(Saved data entries)
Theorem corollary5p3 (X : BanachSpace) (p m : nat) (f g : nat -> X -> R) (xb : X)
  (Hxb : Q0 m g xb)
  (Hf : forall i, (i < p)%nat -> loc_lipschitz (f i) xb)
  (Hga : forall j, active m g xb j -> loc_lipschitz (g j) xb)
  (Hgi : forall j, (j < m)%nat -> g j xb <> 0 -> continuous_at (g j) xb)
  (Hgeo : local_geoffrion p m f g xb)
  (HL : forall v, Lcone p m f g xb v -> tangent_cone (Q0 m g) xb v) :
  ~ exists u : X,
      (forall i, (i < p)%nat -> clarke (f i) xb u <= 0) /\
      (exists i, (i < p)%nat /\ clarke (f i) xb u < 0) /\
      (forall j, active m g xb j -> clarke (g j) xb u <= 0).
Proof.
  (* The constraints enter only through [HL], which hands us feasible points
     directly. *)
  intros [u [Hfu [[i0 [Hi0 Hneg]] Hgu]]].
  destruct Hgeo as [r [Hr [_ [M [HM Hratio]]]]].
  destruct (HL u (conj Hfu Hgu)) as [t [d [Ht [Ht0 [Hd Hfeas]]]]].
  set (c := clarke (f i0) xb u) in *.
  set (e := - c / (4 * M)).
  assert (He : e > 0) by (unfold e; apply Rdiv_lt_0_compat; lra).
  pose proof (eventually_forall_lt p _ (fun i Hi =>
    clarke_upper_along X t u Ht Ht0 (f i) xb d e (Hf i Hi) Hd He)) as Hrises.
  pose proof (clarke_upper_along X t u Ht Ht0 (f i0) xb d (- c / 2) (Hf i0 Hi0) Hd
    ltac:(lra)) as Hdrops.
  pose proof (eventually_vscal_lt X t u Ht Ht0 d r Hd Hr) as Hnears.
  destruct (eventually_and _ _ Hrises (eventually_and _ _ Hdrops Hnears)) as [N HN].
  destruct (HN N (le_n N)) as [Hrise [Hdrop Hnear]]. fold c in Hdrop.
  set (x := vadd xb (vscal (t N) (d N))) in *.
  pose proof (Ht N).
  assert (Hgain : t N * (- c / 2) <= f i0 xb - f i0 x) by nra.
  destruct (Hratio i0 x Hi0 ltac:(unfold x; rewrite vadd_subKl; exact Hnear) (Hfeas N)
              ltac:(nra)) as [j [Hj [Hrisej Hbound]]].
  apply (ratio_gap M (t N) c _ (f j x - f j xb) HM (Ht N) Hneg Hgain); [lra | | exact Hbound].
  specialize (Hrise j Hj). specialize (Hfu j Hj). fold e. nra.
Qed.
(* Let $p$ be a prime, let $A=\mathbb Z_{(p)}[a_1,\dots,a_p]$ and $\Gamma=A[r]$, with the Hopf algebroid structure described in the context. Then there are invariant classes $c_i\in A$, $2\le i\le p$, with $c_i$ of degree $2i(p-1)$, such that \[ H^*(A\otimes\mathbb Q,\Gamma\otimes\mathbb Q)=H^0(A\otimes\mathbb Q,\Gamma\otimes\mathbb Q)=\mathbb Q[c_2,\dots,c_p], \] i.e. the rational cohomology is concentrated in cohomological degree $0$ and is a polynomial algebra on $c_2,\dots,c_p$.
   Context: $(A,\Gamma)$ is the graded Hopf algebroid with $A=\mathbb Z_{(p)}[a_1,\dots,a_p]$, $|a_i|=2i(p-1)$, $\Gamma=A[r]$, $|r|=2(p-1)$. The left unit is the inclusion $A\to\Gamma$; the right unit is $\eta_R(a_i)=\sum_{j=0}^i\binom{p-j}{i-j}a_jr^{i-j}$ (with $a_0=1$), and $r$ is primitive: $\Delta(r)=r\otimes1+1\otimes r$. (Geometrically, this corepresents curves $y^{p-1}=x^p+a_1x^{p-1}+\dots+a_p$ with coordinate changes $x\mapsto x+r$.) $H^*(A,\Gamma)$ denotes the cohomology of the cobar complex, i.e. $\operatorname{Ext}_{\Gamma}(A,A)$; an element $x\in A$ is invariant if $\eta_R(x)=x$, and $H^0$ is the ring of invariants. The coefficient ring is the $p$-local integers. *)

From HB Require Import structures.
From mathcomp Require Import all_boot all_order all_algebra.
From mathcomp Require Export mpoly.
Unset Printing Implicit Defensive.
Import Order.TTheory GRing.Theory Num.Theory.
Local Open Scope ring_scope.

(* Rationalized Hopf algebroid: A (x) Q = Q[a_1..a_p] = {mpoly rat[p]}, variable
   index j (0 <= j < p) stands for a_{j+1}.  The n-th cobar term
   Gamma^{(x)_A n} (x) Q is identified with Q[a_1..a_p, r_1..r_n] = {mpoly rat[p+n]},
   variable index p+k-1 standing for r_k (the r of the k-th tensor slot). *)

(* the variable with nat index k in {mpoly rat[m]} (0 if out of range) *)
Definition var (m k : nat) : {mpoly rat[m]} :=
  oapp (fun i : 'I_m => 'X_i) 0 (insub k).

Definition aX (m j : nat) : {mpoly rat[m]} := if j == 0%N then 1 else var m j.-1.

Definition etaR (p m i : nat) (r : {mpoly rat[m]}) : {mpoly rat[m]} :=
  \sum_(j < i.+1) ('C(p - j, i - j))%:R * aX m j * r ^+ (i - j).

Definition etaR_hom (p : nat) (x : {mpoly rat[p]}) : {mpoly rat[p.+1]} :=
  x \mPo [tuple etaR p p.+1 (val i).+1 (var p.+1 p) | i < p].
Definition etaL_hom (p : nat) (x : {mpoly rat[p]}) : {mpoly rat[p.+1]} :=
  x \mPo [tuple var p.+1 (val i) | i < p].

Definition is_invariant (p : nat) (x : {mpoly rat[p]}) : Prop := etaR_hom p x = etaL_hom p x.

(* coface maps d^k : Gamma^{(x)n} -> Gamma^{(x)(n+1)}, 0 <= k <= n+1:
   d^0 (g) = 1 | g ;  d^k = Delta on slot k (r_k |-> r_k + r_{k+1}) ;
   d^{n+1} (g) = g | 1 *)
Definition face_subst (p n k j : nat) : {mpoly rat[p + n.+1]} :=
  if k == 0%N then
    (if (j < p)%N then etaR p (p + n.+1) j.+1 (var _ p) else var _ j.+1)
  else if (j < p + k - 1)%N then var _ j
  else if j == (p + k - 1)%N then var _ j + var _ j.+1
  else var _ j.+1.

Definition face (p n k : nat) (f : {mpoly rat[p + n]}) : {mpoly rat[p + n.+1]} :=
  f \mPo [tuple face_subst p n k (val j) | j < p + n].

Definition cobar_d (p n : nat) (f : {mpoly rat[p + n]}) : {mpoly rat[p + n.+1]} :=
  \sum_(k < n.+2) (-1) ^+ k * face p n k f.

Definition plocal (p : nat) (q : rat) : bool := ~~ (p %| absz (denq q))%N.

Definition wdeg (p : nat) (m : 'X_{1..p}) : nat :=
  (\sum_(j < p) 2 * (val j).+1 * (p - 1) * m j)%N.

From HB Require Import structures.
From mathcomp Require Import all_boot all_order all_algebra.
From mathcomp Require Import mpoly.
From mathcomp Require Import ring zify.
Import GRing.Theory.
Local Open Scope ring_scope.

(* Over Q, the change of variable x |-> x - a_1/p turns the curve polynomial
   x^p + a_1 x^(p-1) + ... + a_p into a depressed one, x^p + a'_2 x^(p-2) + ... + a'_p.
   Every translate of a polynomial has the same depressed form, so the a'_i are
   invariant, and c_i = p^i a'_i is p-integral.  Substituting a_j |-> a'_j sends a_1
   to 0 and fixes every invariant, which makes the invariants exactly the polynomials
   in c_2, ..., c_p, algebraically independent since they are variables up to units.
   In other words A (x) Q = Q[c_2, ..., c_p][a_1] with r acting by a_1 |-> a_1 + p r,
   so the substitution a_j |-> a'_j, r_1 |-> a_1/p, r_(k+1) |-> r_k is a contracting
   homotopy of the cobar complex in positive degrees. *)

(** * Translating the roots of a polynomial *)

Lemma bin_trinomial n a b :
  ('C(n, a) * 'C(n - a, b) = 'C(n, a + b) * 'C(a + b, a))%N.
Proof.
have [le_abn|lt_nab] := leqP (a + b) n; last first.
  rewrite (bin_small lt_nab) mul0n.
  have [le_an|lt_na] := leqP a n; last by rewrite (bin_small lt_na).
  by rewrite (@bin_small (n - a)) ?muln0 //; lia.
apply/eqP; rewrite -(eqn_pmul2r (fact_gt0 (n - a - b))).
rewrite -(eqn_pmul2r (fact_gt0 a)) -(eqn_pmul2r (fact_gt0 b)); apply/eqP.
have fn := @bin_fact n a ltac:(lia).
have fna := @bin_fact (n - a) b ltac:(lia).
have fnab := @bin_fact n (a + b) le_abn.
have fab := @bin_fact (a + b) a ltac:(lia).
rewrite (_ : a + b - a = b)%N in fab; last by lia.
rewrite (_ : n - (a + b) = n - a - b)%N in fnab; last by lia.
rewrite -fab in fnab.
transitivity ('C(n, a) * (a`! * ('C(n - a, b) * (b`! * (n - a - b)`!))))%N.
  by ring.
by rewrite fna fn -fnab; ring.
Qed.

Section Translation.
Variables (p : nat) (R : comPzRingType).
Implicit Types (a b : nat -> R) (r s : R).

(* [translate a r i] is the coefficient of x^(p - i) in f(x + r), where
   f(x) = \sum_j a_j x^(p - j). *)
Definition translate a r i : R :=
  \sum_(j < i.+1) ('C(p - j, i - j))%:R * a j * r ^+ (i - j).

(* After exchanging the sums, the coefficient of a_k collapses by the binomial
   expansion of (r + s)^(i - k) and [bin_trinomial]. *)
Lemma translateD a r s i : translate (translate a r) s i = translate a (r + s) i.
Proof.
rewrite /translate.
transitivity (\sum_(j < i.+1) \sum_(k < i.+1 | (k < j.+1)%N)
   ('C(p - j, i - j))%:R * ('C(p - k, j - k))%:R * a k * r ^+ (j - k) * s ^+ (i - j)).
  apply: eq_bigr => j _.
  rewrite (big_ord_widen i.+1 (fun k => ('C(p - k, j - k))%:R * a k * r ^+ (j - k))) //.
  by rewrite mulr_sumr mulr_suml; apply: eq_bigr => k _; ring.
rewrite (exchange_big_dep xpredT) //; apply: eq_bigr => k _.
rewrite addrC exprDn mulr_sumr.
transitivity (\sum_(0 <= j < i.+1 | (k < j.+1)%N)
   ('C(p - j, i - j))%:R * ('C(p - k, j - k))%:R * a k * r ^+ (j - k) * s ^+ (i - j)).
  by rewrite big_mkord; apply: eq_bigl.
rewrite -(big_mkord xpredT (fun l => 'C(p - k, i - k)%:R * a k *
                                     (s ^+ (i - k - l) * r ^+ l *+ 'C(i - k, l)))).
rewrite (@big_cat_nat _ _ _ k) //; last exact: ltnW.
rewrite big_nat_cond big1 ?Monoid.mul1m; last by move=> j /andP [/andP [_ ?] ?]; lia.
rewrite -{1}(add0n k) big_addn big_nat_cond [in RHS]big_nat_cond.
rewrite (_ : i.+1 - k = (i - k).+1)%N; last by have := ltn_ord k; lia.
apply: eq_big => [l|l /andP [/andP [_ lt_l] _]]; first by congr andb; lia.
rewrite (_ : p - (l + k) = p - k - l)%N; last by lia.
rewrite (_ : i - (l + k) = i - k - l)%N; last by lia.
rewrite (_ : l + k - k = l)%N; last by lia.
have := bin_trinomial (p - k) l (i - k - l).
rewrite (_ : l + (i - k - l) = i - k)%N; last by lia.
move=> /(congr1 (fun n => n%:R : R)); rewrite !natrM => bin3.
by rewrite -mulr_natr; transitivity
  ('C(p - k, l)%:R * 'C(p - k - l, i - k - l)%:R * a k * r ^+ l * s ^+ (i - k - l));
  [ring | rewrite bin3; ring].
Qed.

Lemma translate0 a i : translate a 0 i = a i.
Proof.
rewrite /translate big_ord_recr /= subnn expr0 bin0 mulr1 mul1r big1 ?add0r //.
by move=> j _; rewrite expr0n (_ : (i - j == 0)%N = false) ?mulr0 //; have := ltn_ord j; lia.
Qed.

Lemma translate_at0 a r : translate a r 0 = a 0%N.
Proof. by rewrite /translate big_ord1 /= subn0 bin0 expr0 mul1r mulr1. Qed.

**Exercise:**
Using the data above, repeat exactly the lines that begin at the line with "have fab := @bin_fact (a + b) a ltac:(lia)." and end at the line with "(* [translate a", both ends included.

**Exercise result:**
have fab := @bin_fact (a + b) a ltac:(lia).
rewrite (_ : a + b - a = b)%N in fab; last by lia.
rewrite (_ : n - (a + b) = n - a - b)%N in fnab; last by lia.
rewrite -fab in fnab.
transitivity ('C(n, a) * (a`! * ('C(n - a, b) * (b`! * (n - a - b)`!))))%N.
  by ring.
by rewrite fna fn -fnab; ring.
Qed.

Section Translation.
Variables (p : nat) (R : comPzRingType).
Implicit Types (a b : nat -> R) (r s : R).

(* [translate a r i] is the coefficient of x^(p - i) in f(x + r), where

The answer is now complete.